Chris, try and keep up!


----------



## Finney (May 1, 2007)

Nick Prochilo said:
			
		

> Chris, try and keep up!


He posted while I was typing.  :roll:


----------



## Nick Prochilo (May 2, 2007)

Finney said:
			
		

> Nick Prochilo said:
> 
> 
> 
> ...



 [smilie=a_doh.gif]


----------



## Cliff H. (May 2, 2007)

Well,

It sounds like all you need to cook ribs on a ceramic is a kitchen match.


----------



## 007bond-jb (May 2, 2007)

Send me some Larry Looks great


----------



## LarryWolfe (May 2, 2007)

Cliff H. said:
			
		

> Well,
> 
> It sounds like all you need to cook ribs on a ceramic is a kitchen match.

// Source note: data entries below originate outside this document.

(* Let $s\subseteq\mathcal{H}$ be a nonzero subspace with orthogonal projector $\mathcal{P}$, let $\rho=\mathcal{P}/\dim s$, and let $r=\dim s\,(1+R_g(\rho))$. Then for every density matrix $\sigma''$ whose support equals $s$, $$r\ \ge\ 2^{E_R(\sigma'')+S(\sigma'')}\ \ge\ 2^{G(\sigma'')}.$$
   Context: $\mathcal{H}=\mathcal{H}_1\otimes\cdots\otimes\mathcal{H}_m$ is finite-dimensional. A state is separable if it is a convex combination of product states; $\mathfrak{S}$ is the set of separable density matrices. Global robustness: $R_g(\sigma)=\min\{t\ge0:\exists$ a density matrix $\varrho$ with $(\sigma+t\varrho)/(1+t)\in\mathfrak{S}\}$. $E_R(\sigma)=\min_{\omega\in\mathfrak{S}}\mathrm{Tr}\,\sigma(\log_2\sigma-\log_2\omega)$; $S(\sigma)=-\mathrm{Tr}\,\sigma\log_2\sigma$; $G(\sigma)=-\log_2\max\langle\phi|\sigma|\phi\rangle$ over unit product vectors $|\phi\rangle=|\phi_1\rangle\otimes\cdots\otimes|\phi_m\rangle$. The support of a density matrix is the span of its eigenvectors with nonzero eigenvalues. *)

From Stdlib Require Import Reals List ClassicalEpsilon.
Open Scope R_scope.

Record C := mkC { re : R ; im : R }.
Definition C0 : C := mkC 0 0.
Definition C1 : C := mkC 1 0.
Definition RtoC (x : R) : C := mkC x 0.
Definition Cadd (a b : C) : C := mkC (re a + re b) (im a + im b).
Definition Copp (a : C) : C := mkC (- re a) (- im a).
Definition Csub (a b : C) : C := Cadd a (Copp b).
Definition Cmul (a b : C) : C :=
  mkC (re a * re b - im a * im b) (re a * im b + im a * re b).
Definition Cconj (a : C) : C := mkC (re a) (- im a).
Definition Cnorm2 (a : C) : R := re a * re a + im a * im a.

Fixpoint csum (n : nat) (f : nat -> C) : C :=
  match n with O => C0 | S n' => Cadd (csum n' f) (f n') end.
Fixpoint rsum (n : nat) (f : nat -> R) : R :=
  match n with O => 0 | S n' => rsum n' f + f n' end.

(** * Vectors and matrices of dimension n: only indices < n are relevant. *)
Definition vec := nat -> C.
Definition mat := nat -> nat -> C.

Definition vec_eq (n : nat) (u v : vec) : Prop := forall i, (i < n)%nat -> u i = v i.
Definition mat_eq (n : nat) (A B : mat) : Prop :=
  forall i j, (i < n)%nat -> (j < n)%nat -> A i j = B i j.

Close, but two handfuls of lump would most likely suffice!


----------



## Cliff H. (May 2, 2007)

Larry,

Are you burning lump in your Primo because of the binder in kingsford.

Is that even a concern ?


----------



## Puff1 (May 2, 2007)

That's a fine lookin' brisket Wolfey


----------



## LarryWolfe (May 2, 2007)

Cliff H. said:
			
		

> Larry,
> 
> Are you burning lump in your Primo because of the binder in kingsford.
> 
> Is that even a concern ?



Yes Cliff you have to use lump in all ceramics due to the way they burn.  The ash from KF would inhibit all of the airflow.


----------



## john a (May 3, 2007)

Good looking piece of beef Larry, nice job cutting it as well.


----------